Lending to agriculture, and the yield of major crops namely beans, maize, soybean are far from the attainment of Government’s set targets under the National Strategy for Transformation (NST) due to come to an end next year, recent data indicate.
According to the 2021-2022 report by the Ministry of Agriculture, the midterm evaluation of NST1, indicates where the sector performed well vis-à-vis to the strategy targets by 2024, and also shows areas lagging behind that need special interventions.
These include productivity of major crops (beans, maize, soybean), agriculture loans, which were among low-performing indicators, the report observed.
The maize production target by 2024, was 2.94 tonnes per hectare, but the current status showed that the quantity for this crop was 1.6 tonnes, or 54 per cent of the envisaged amount.
For beans, production was even lower as it was 0.7 tonnes, or about 32 per cent of the targeted 2.22 tonnes by 2024.
Regarding Soya beans, production was 0.5 tonnes per hectare, or 39 per cent of the envisaged 1.28 tonnes.

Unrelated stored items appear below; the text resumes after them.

(* Let $A$ be a nonempty set of positive integers and $n$ a positive integer. Then (a) $\displaystyle\sum_{k=1}^{n}N^p_A(k)\big(q^e_A(n-k)-q^o_A(n-k)\big)=\tau_A(n)$; (b) $\displaystyle\sum_{k=1}^{n}N^q_A(k)\big(p^e_A(n-k)-p^o_A(n-k)\big)=\tau^s_A(n)$.
   Context: For a set $A$ of positive integers: $N^p_A(n)$ (resp. $N^q_A(n)$) is the total number of parts, summed over all partitions (resp. partitions into pairwise distinct parts) of $n$ with all parts in $A$. $p^e_A(n)$ (resp. $p^o_A(n)$) is the number of partitions of $n$ with parts in $A$ having an even (resp. odd) number of parts; $q^e_A(n)$, $q^o_A(n)$ are the analogous counts for partitions into distinct parts from $A$; conventions $p^e_A(0)=q^e_A(0)=1$, $p^o_A(0)=q^o_A(0)=0$. $\tau_A(n)=\#\{a\in A:a\mid n\}$ and $\tau^s_A(n)=\sum_{a\in A,\,a\mid n}(-1)^{n/a-1}$. *)

From mathcomp Require Import all_boot all_order all_algebra.
Set Implicit Arguments. Unset Strict Implicit. Unset Printing Implicit Defensive.
Import GRing.Theory Num.Theory.

(* A partition of n with parts in A is encoded by its multiplicity function
   m : {0..n} -> {0..n}; m i = multiplicity of the part i.
   Since parts are >= 1, parts and multiplicities are at most n, so this
   encoding is a bijection with partitions of n into parts from A. *)
Definition parts_ok (A : pred nat) (n : nat) (m : {ffun 'I_n.+1 -> 'I_n.+1}) :=
  [forall i : 'I_n.+1, (m i != 0 :> nat) ==> (A i && (0 < i))] &&
  ((\sum_(i < n.+1) i * m i)%N == n).

Definition pset (A : pred nat) (n : nat) : {set {ffun 'I_n.+1 -> 'I_n.+1}} :=
  [set m | parts_ok A m].

Definition qset (A : pred nat) (n : nat) : {set {ffun 'I_n.+1 -> 'I_n.+1}} :=
  [set m | parts_ok A m && [forall i : 'I_n.+1, (m i <= 1)%N]].

Definition nparts (n : nat) (m : {ffun 'I_n.+1 -> 'I_n.+1}) : nat :=
  (\sum_(i < n.+1) m i)%N.

Definition Np (A : pred nat) (n : nat) : nat :=
  (\sum_(m in pset A n) nparts m)%N.
Definition Nq (A : pred nat) (n : nat) : nat :=
  (\sum_(m in qset A n) nparts m)%N.

Definition pe (A : pred nat) (n : nat) : nat :=
  #|[set m in pset A n | ~~ odd (nparts m)]|.
Definition po (A : pred nat) (n : nat) : nat :=
  #|[set m in pset A n | odd (nparts m)]|.
Definition qe (A : pred nat) (n : nat) : nat :=
  #|[set m in qset A n | ~~ odd (nparts m)]|.
Definition qo (A : pred nat) (n : nat) : nat :=
  #|[set m in qset A n | odd (nparts m)]|.

(* tau_A(n) = #{a in A : a | n}  (n > 0, so such a lie in [1, n]) *)
Definition tauA (A : pred nat) (n : nat) : nat :=
  (\sum_(1 <= a < n.+1 | A a && (a %| n)) 1)%N.

Definition tausA (A : pred nat) (n : nat) : int :=
  (\sum_(1 <= a < n.+1 | A a && (a %| n)%N) (-1) ^+ (n %/ a).-1)%R.

From mathcomp Require Import all_boot all_order all_algebra ring.
Import GRing.Theory.
Set Implicit Arguments. Unset Strict Implicit.
Local Open Scope ring_scope.
(* Let $(\chi_1,u_1)$ and $(\chi_2,u_2)$ be rooted chirotopes (not necessarily realizable). Then their join $(\chi_3,u_3)=(\chi_1,u_1)\vee(\chi_2,u_2)$ is a rooted chirotope; that is, $\chi_3$ is a chirotope and $u_3$ is an extreme element of $\chi_3$.
   Context: For a finite set $E$, $(E)_3$ is the set of ordered triples of distinct elements of $E$. A sign function on $E$ is a map $\chi:(E)_3\to\{-1,1\}$ with $\chi(x,y,z)=\chi(y,z,x)=\chi(z,x,y)=-\chi(z,y,x)=-\chi(y,x,z)=-\chi(x,z,y)$. A chirotope on $E$ is a sign function that moreover satisfies: (interiority) for distinct $t,x,y,z$, if $\chi(t,y,z)=\chi(x,t,z)=\chi(x,y,t)=1$ then $\chi(x,y,z)=1$; (transitivity) for distinct $s,t,x,y,z$, if $\chi(t,s,x)=\chi(t,s,y)=\chi(t,s,z)=\chi(x,y,t)=\chi(y,z,t)=1$ then $\chi(x,z,t)=1$. An element $x$ is extreme if there is $y\ne x$ such that $\chi(x,y,z)$ takes the same value for all $z\in E\setminus\{x,y\}$. A rooted chirotope is a pair $(\chi,u)$ with $\chi$ a chirotope on $X\cup\{u\}$ and $u\notin X$ an extreme element. For a rooted chirotope, $u^+$ (resp. $u^-$) is the element $y$ with $\chi(u,y,z)=1$ (resp. $\chi(y,u,z)=1$) for all $z\notin\{u,y\}$ (the successor/predecessor of $u$ in counterclockwise order on the convex hull). Join: given rooted chirotopes $(\chi_1,u_1)$ on $X_1\cup\{u_1\}$ and $(\chi_2,u_2)$ on $X_2\cup\{u_2\}$, let $X_3$ be the disjoint union of $X_1$ and $X_2$ in which $u_1^-$ and $u_2^+$ are identified into one element $x_0$ (so $X_1,X_2\subseteq X_3$ with $X_1\cap X_2=\{x_0\}$), and let $u_3$ be a new element. The join $(\chi_3,u_3)$ has $\chi_3$ the sign function on $X_3\cup\{u_3\}$ determined (using symmetry) by: for $x,y,z\in X_3$, $\chi_3(x,y,z)=\chi_1(x,y,z)$ if $x,y,z\in X_1$; $=\chi_2(x,y,z)$ if $x,y,z\in X_2$; $=\chi_1(x,y,u_1)$ if $x,y\in X_1$ and $z\in X_2\setminus\{u_2^+\}$; $=\chi_2(u_2,y,z)$ if $x\in X_1\setminus\{u_1^-\}$ and $y,z\in X_2$; and for $x,y\in X_3$, $\chi_3(x,y,u_3)=\chi_1(x,y,u_1)$ if $x,y\in X_1$; $=\chi_2(x,y,u_2)$ if $x,y\in X_2$; $=1$ if $x\in X_1\setminus\{u_1^-\}$ and $y\in X_2\setminus\{u_2^+\}$. (These rules are consistent and determine $\chi_3$ on all triples.) *)

From HB Require Import structures.
From mathcomp Require Import all_boot all_order all_algebra.
Set Implicit Arguments. Unset Strict Implicit. Unset Printing Implicit Defensive.
Import Order.TTheory GRing.Theory Num.Theory.
Local Open Scope ring_scope.

(* A sign function / chirotope on a finite set E is modelled as a map
   chi : E -> E -> E -> int on a finType E; only its values on triples of
   pairwise distinct elements matter. *)

Definition distinct3 (T : eqType) (x y z : T) := uniq [:: x; y; z].

Definition sign_function (T : finType) (chi : T -> T -> T -> int) : Prop :=
  forall x y z, distinct3 x y z ->
    (chi x y z = 1 \/ chi x y z = -1) /\
    chi x y z = chi y z x /\ chi x y z = chi z x y /\
    chi x y z = - chi z y x /\ chi x y z = - chi y x z /\
    chi x y z = - chi x z y.

Definition interiority (T : finType) (chi : T -> T -> T -> int) : Prop :=
  forall t x y z, uniq [:: t; x; y; z] ->
    chi t y z = 1 -> chi x t z = 1 -> chi x y t = 1 -> chi x y z = 1.

Definition transitivity (T : finType) (chi : T -> T -> T -> int) : Prop :=
  forall s t x y z, uniq [:: s; t; x; y; z] ->
    chi t s x = 1 -> chi t s y = 1 -> chi t s z = 1 ->
    chi x y t = 1 -> chi y z t = 1 -> chi x z t = 1.

Definition chirotope (T : finType) (chi : T -> T -> T -> int) : Prop :=
  [/\ sign_function chi, interiority chi & transitivity chi].

Definition extreme (T : finType) (chi : T -> T -> T -> int) (x : T) : Prop :=
  exists y, y != x /\
    exists s : int, forall z, z != x -> z != y -> chi x y z = s.

Definition rooted_chirotope (T : finType) (chi : T -> T -> T -> int) (u : T) :=
  chirotope chi /\ extreme chi u.

Definition is_succ (T : finType) (chi : T -> T -> T -> int) (u y : T) :=
  y != u /\ forall z, z != u -> z != y -> chi u y z = 1.
Definition is_pred (T : finType) (chi : T -> T -> T -> int) (u y : T) :=
  y != u /\ forall z, z != u -> z != y -> chi y u z = 1.

Section Join.
Variables (T1 T2 : finType) (chi1 : T1 -> T1 -> T1 -> int) (u1 u1m : T1)
          (chi2 : T2 -> T2 -> T2 -> int) (u2 u2p : T2).

(* X1 = T1 \ {u1};  X2 \ {u2^+} = T2 \ {u2, u2p}.
   X3 = X1 ⊔ (X2 \ {u2^+}) (so u2^+ is identified with u1^- = x0 ∈ X1),
   and the join ground set is X3 ∪ {u3} with u3 = None. *)
Definition join_type : finType :=
  option ({x : T1 | x != u1} + {y : T2 | (y != u2) && (y != u2p)})%type.

Definition to1 (x : join_type) : option T1 :=
  match x with Some (inl a) => Some (val a) | _ => None end.
Definition to2 (x : join_type) : option T2 :=
  match x with
  | Some (inl a) => if val a == u1m then Some u2p else None
  | Some (inr b) => Some (val b)
  | None => None
  end.
Definition pureA (x : join_type) : bool :=
  match x with Some (inl a) => val a != u1m | _ => false end.
Definition pureB (x : join_type) : bool :=
  match x with Some (inr _) => true | _ => false end.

Another area with low performance is the credit to agriculture sector as percentage of total loans provided by financial institutions in the country. The report revealed that while the targeted agriculture share of total loans is 10.4 per cent, it was just at 4.8 per cent – or less than half of the rate aimed at.
Marie Jeanne Ntirenganya, a farmer from Nyagatare District said that lack of quality seeds, and the hike in fertiliser prices were among the major challenges for farmers.
“Because of high fertiliser increase, and low-quality seeds, there is poor yields, which limits farmers’ profit on their investment,” she said, adding that drought also negatively affect farm productivity, especially on hillside farms where irrigation is too expensive.
While Rwanda targets a fertiliser use of 75 kilogramme per hectare by 2022 under the National Strategy for Transformation, the rate was 62.5 kilogrammes as of 2021-2022, implying that the performance versus the set target was 83 per cent.
Speaking to The New Times, Charles Bucagu, Deputy Director General in charge of Agriculture Development at Rwanda Agriculture and Animal Resources Development Board (RAB), said that factors which have been challenging crop productivity include climate change – in the form of drought and floods.
For instance, last month, Evariste Tugirinshuti, the president of the Federation of Maize Farmers’ Cooperatives in Rwanda told The New Times that drought took its toll on crop production in 2022, estimating that overall, maize produce was expected to drop by 40 per cent as a result.
Bucagu said that the Government was responding to the low crop productivity issue with interventions such as scaling up irrigation efforts, and providing quality seeds to farmers.
He cited the variety of biofortified beans rich in iron and zinc that was distributed to the farmers in this farming season A of 2023 so that they get relatively high yields.
He also said that the Government provided free fertilisers to some farmers – for maize, soya and bean farming on consolidated agriculture land, and selected large farmland based on their potential to give high yields.
“We are being affected by climate change, but we are catching up so that we increase productivity,” he said.
Meanwhile, Bucagu said that the Government was investing in initiatives intended to increase irrigated area and developing marshlands in line with optimizing yields.
These, he said, include the Commercialisation and De-Risking for Agricultural Transformation Project (CDAT), the five-year initiative running through April 30, 2027, which was launched in September last year by the Government of Rwanda and the World Bank Group.
The project aims to commercialise and de-risk the agriculture sector in Rwanda through irrigation, insurance and affordable financing to farmers, among other interventions.
Bucagu said that CDAT will develop and rehabilitate irrigation systems on 17,673 ha.
“It’s a strategy to mitigate climate change impacts such as drought and floods,” he said.
Also, he said that the project will contribute to addressing the issue of banks that have been reluctant to lend to agriculture, hence raising credit level to the sector.
“Banks have been reluctant to lend to agriculture because of the risks in the sector including climate change, and unpredictable factors. This project comes to make agriculture projects safer for financing from banks,” he said, indicating that the project will provide money to financial institutions that they will be lending to farmers at 8 per cent annual interest rate.
Also, he said, the project will insure the loans that the financial institutions will be giving to farmers, adding that the Government will work on ways to ensure that more loans are offered to farmers, even outside that project.